# Hierarchical modeling with the LKJ prior in PyMC

I describe how to use the LKJCholeskyCov and LKJCorr distributions to include correlated priors in Bayesian hierarchical modeling using PyMC.

Published

June 12, 2022

# Hierarchical modeling with the LKJ prior in PyMC

Throughout this blogpost, I will be working with the famous sleepstudy dataset. I’m going to estimate a hierarchical linear regression with both varying intercepts and varying slopes. The goal is to understand how to place non-independent priors for the group-specific effects in PyMC as efficiently as possible.

The sleepstudy dataset is derived from the study described in Belenky et al. (2003) and popularized in the lme4 R package. This dataset contains the average reaction time per day (in milliseconds) on a series of tests for the most sleep-deprived group in a sleep deprivation study. The first two days of the study are considered as adaptation and training, the third day is a baseline, and sleep deprivation started after day 3. The subjects in this group were restricted to 3 hours of sleep per night.

With that said, let’s get into the code!

import arviz as az
import aesara.tensor as at
import matplotlib as mpl
import matplotlib.pyplot as plt
import numpy as np
import pandas as pd
import pymc as pm
%matplotlib inline
az.style.use("arviz-darkgrid")
mpl.rcParams["figure.facecolor"] = "white"

url = "https://raw.githubusercontent.com/vincentarelbundock/Rdatasets/master/csv/lme4/sleepstudy.csv"
data = pd.read_csv(url, index_col = 0)

The following is a description of the variables we have in the dataset.

• Reaction: Average of the reaction time measurements on a given subject for a given day.
• Days: Number of days of sleep deprivation.
• Subject: The subject ID.
print(f"There are {len(data)} observations.")
data.head()
There are 180 observations.
Reaction Days Subject
1 249.5600 0 308
2 258.7047 1 308
3 250.8006 2 308
4 321.4398 3 308
5 356.8519 4 308
print(f"Days range from {data['Days'].min()} to {data['Days'].max()}.")
print(f"There are J={data['Subject'].unique().size} subjects.")
Days range from 0 to 9.
There are J=18 subjects.

Let’s explore the evolution of the reaction times through the days for every subject.

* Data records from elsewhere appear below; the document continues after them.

(* Let $G$ be a graph, $\ell\ge 1$, and let $B\subseteq V(G)$ be an $(\ell-1)$-edge-leaky forcing set of $G$. If $L$ is a set of $k\ge \ell$ edge leaks, then $|L- B^{[\infty]}_L|\le k-\ell$, where $L-S=\{xy\in L: x\notin S \text{ and } y\notin S\}$ for $S\subseteq V(G)$.
   Context: All graphs are finite, simple and undirected. Zero forcing: a blue vertex $u$ with exactly one white neighbor $w$ may force $w$ (color it blue), written $u\to w$. An edge leak is an edge $xy\in E(G)$ across which no force may be performed (neither $x\to y$ nor $y\to x$). $B$ is an $\ell$-edge-leaky forcing set if for every set $L$ of at most $\ell$ edge leaks, exhaustively applying the forcing rule from initial blue set $B$ without forcing across edges of $L$ colors all of $V(G)$ blue (a $0$-edge-leaky forcing set is a zero forcing set). For a set $L$ of edge leaks, $B^{[\infty]}_L$ denotes the set of blue vertices obtained from $B$ after the forcing rule (respecting the leaks $L$) has been applied exhaustively; this set does not depend on the order of forces. *)

From mathcomp Require Import all_boot.
Set Implicit Arguments. Unset Strict Implicit. Unset Printing Implicit Defensive.

(* A finite simple graph: vertex set T (a finType), adjacency relation g,
   assumed symmetric and irreflexive (hypotheses of the theorem). *)

Definition is_edge (T : finType) (g : rel T) (s : {set T}) : Prop :=
  exists x y, g x y /\ s = [set x; y].

Definition leak_set (T : finType) (g : rel T) (L : {set {set T}}) : Prop :=
  forall s, s \in L -> is_edge g s.

Definition can_force (T : finType) (g : rel T) (L : {set {set T}})
  (S : {set T}) (u w : T) : bool :=
  [&& u \in S, w \notin S, g u w,
      [forall v, (g u v && (v != w)) ==> (v \in S)]
    & [set u; w] \notin L].

Definition force_once (T : finType) (g : rel T) (L : {set {set T}})
  (S : {set T}) : {set T} :=
  match [pick p : T * T | can_force g L S p.1 p.2] with
  | Some p => p.2 |: S
  | None => S
  end.

(* B^[oo]_L : exhaustively apply the forcing rule; at most #|T| forces
   can occur, so iterating #|T| times reaches the terminal set. *)
Definition leaky_closure (T : finType) (g : rel T) (L : {set {set T}})
  (B : {set T}) : {set T} :=
  iter #|T| (force_once g L) B.

Definition edge_leaky_forcing (T : finType) (g : rel T) (l : nat)
  (B : {set T}) : Prop :=
  forall L : {set {set T}}, leak_set g L -> #|L| <= l ->
    leaky_closure g L B = [set: T].

Definition leak_minus (T : finType) (L : {set {set T}}) (S : {set T})
  : {set {set T}} :=
  [set xy in L | [disjoint xy & S]].

From mathcomp Require Import all_boot.
From mathcomp Require Import zify.
Set Implicit Arguments. Unset Strict Implicit. Unset Printing Implicit Defensive.

(* Let S be the terminal blue set
   B^[oo]_L and M = L - S the leaks with no endpoint in S.  If |M| > k - l,
   the leak set L' = L \ M has at most l - 1 edges.  S is "stuck" for L
   (no force is possible from S), and removing the leaks M, which touch no
   vertex of S, keeps S stuck: a force u -> w out of S crosses an edge
   containing u \in S, which is a leak of L iff it is a leak of L'.  A stuck
   set containing B contains the L'-closure of B, which is V(G) since B is
   (l-1)-edge-leaky; so S = V(G), hence M is empty, a contradiction. *)

(* An extensive operator on finite sets stabilises after #|T| iterations:
   each non-stationary step strictly increases the cardinality. *)
Lemma iter_extensive_fixpoint (T : finType) (f : {set T} -> {set T})
    (X : {set T}) :
  (forall Y : {set T}, Y \subset f Y) -> f (iter #|T| f X) = iter #|T| f X.
Proof.
move=> f_ext.
have fix_or_big n : f (iter n f X) = iter n f X \/ n <= #|iter n f X|.
  elim: n => [|n [fixn | bign]]; first by right.
  - by left; rewrite /= fixn fixn.
  - have [fixn | nfixn] := eqVneq (f (iter n f X)) (iter n f X).
      by left; rewrite /= fixn fixn.
    right; apply: leq_ltn_trans bign (proper_card _).
    by rewrite properEneq eq_sym nfixn f_ext.
have [// | bigT] := fix_or_big #|T|.
have -> : iter #|T| f X = setT by apply/eqP; rewrite eqEcard subsetT cardsT.
by apply/eqP; rewrite eqEsubset subsetT f_ext.
Qed.

Lemma force_once_ext (T : finType) (g : rel T) (L : {set {set T}})
    (S : {set T}) :
  S \subset force_once g L S.
Proof. by rewrite /force_once; case: pickP => [p _|_] //; exact: subsetUr. Qed.

Lemma leaky_closure_ext (T : finType) (g : rel T) (L : {set {set T}})
    (B : {set T}) :
  B \subset leaky_closure g L B.
Proof.
rewrite /leaky_closure; elim: #|T| => [|n IHn] //=.
by apply: subset_trans IHn _; exact: force_once_ext.
Qed.

Definition forcing_stuck (T : finType) (g : rel T) (L : {set {set T}})
    (S : {set T}) : Prop :=
  forall u w, ~~ can_force g L S u w.

Lemma leaky_closure_stuck (T : finType) (g : rel T) (L : {set {set T}})
    (B : {set T}) :
  forcing_stuck g L (leaky_closure g L B).
Proof.
move=> u w; apply/negP => force_uw.
have := iter_extensive_fixpoint B (force_once_ext g L).
rewrite -/(leaky_closure g L B) /force_once; case: pickP => [p force_p|none].
  case/and5P: force_p => _ p2_white _ _ _ closure_eq.
  by move: (setU11 p.2 (leaky_closure g L B)); rewrite closure_eq (negbTE p2_white).
by move: (none (u, w)); rewrite force_uw.
Qed.

Lemma can_force_superset (T : finType) (g : rel T) (L : {set {set T}})
    (X S : {set T}) (u w : T) :
  X \subset S -> can_force g L X u w -> w \notin S -> can_force g L S u w.
Proof.
move=> XS /and5P[uX _ guw others_blue uw_ok] wS.
rewrite /can_force (subsetP XS u uX) wS guw uw_ok andbT /=.
apply/forallP => v; apply/implyP => gv.
exact: subsetP XS v (implyP (forallP others_blue v) gv).
Qed.

Lemma leaky_closure_least (T : finType) (g : rel T) (L : {set {set T}})
    (B S : {set T}) :
  B \subset S -> forcing_stuck g L S -> leaky_closure g L B \subset S.
Proof.
move=> BS stuck; rewrite /leaky_closure; elim: #|T| => [|n IHn] //=.
rewrite {1}/force_once; case: pickP => [[u w] /= force_uw|_] //.
rewrite subUset IHn andbT sub1set; apply/negPn/negP => wS.
by move/negP: (stuck u w); apply; exact: can_force_superset IHn force_uw wS.
Qed.

(* Leaks with no endpoint in a stuck set S can be removed without
   unblocking any force from S: a force from S crosses an edge meeting S. *)
Lemma forcing_stuck_drop_far_leaks (T : finType) (g : rel T)
    (L : {set {set T}}) (S : {set T}) :
  forcing_stuck g L S -> forcing_stuck g (L :\: leak_minus L S) S.
Proof.
move=> stuck u w; apply/negP => /and5P[uS wS guw others_blue uw_ok].
move/negP: (stuck u w); apply; rewrite /can_force uS wS guw others_blue /=.
apply: contra uw_ok => uwL; rewrite !inE uwL andbT.
by apply/negP => /pred0P /(_ u); rewrite /= !inE eqxx uS.
Qed.

Lemma leak_minus_setT (T : finType) (g : rel T) (L : {set {set T}}) :
  leak_set g L -> leak_minus L setT = set0.
Proof.
move=> leaks; apply/setP => s; rewrite !inE; apply/negP => /andP[sL].
have [x [y [_ ->]]] := leaks s sL.
by move/pred0P /(_ x); rewrite /= !inE eqxx.
Qed.

Theorem lemma2p2 (T : finType) (g : rel T)
  (g_sym : symmetric g) (g_irr : irreflexive g)
  (l k : nat) (B : {set T}) (L : {set {set T}}) :
  1 <= l ->
  edge_leaky_forcing g (l - 1) B ->
  leak_set g L -> #|L| = k -> l <= k ->
  #|leak_minus L (leaky_closure g L B)| <= k - l.
Proof.
move=> l_pos B_leaky leaksL cardL l_le_k.
set S := leaky_closure g L B; set M := leak_minus L S.
have [// | many_far] := leqP #|M| (k - l).
have M_sub_L : M \subset L by apply/subsetP => s; rewrite inE => /andP[].
have card_rest : #|L :\: M| <= l - 1.
  by move: (cardsD L M); rewrite (setIidPr M_sub_L); lia.
have leaks_rest : leak_set g (L :\: M) by move=> s /setDP[/leaksL].
have S_full : S = setT.
  apply/eqP; rewrite eqEsubset subsetT -(B_leaky _ leaks_rest card_rest).
  apply: leaky_closure_least; first exact: leaky_closure_ext.
  exact/forcing_stuck_drop_far_leaks/leaky_closure_stuck.
by move: many_far; rewrite /M S_full (leak_minus_setT leaksL) cards0.
Qed.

def plot_data(data, figsize=(16, 7.5)):
fig, axes = plt.subplots(2, 9, figsize=figsize, sharey=True, sharex=True)

for i, (subject, ax) in enumerate(zip(data["Subject"].unique(), axes.ravel())):
idx = data.index[data["Subject"] == subject].tolist()
days = data.loc[idx, "Days"].values
reaction = data.loc[idx, "Reaction"].values

# Plot observed data points
ax.scatter(days, reaction, color="C0", ec="black", alpha=0.7)

ax.set_title(f"Subject: {subject}", fontsize=14)

ax.xaxis.set_ticks([0, 2, 4, 6, 8])
fig.text(0.5, 0.02, "Days", fontsize=14)
fig.text(0.03, 0.5, "Reaction time (ms)", rotation=90, fontsize=14, va="center")

return fig, axes
plot_data(data); For most of the subjects, there’s a clear positive association between Days and Reaction time. Reaction times increase as people accumulate more days of sleep deprivation. Participants differ in the initial reaction times as well as in the association between sleep deprivation and reaction time. Reaction times increase faster for some subjects and slower for others. Finally, the relationship between Days and Reaction time presents some deviations from linearity within the panels, but these are neither substantial nor systematic.

## The model

The model we’re going to build today is a hierarchical linear regression, with a Gaussian likelihood. In the following description, I use the greek letter $$\beta$$ to refer to common effects and the roman letter $$u$$ to refer to group-specific (or varying) effects.

$y_{ij} = \beta_0 + u_{0j} + \left( \beta_1 + u_{1j} \right) \cdot {\text{Days}} + \epsilon_i$

where

\begin{aligned} y_{ij} &= \text{Reaction time for the subject } j \text{ on day } i \\ \beta_0 &= \text{Intercept common to all subjects} \\ \beta_1 &= \text{Days slope common to all subjects} \\ u_{0j} &= \text{Intercept deviation of the subject } j \\ u_{1j} &= \text{Days slope deviation of the subject } j \\ \epsilon_i &= \text{Residual random error} \end{aligned}

we also have

\begin{aligned} i = 1, \cdots, 10 \\ j = 1, \cdots, 18 \end{aligned}

where $$i$$ indexes Days and $$j$$ indexes subjects.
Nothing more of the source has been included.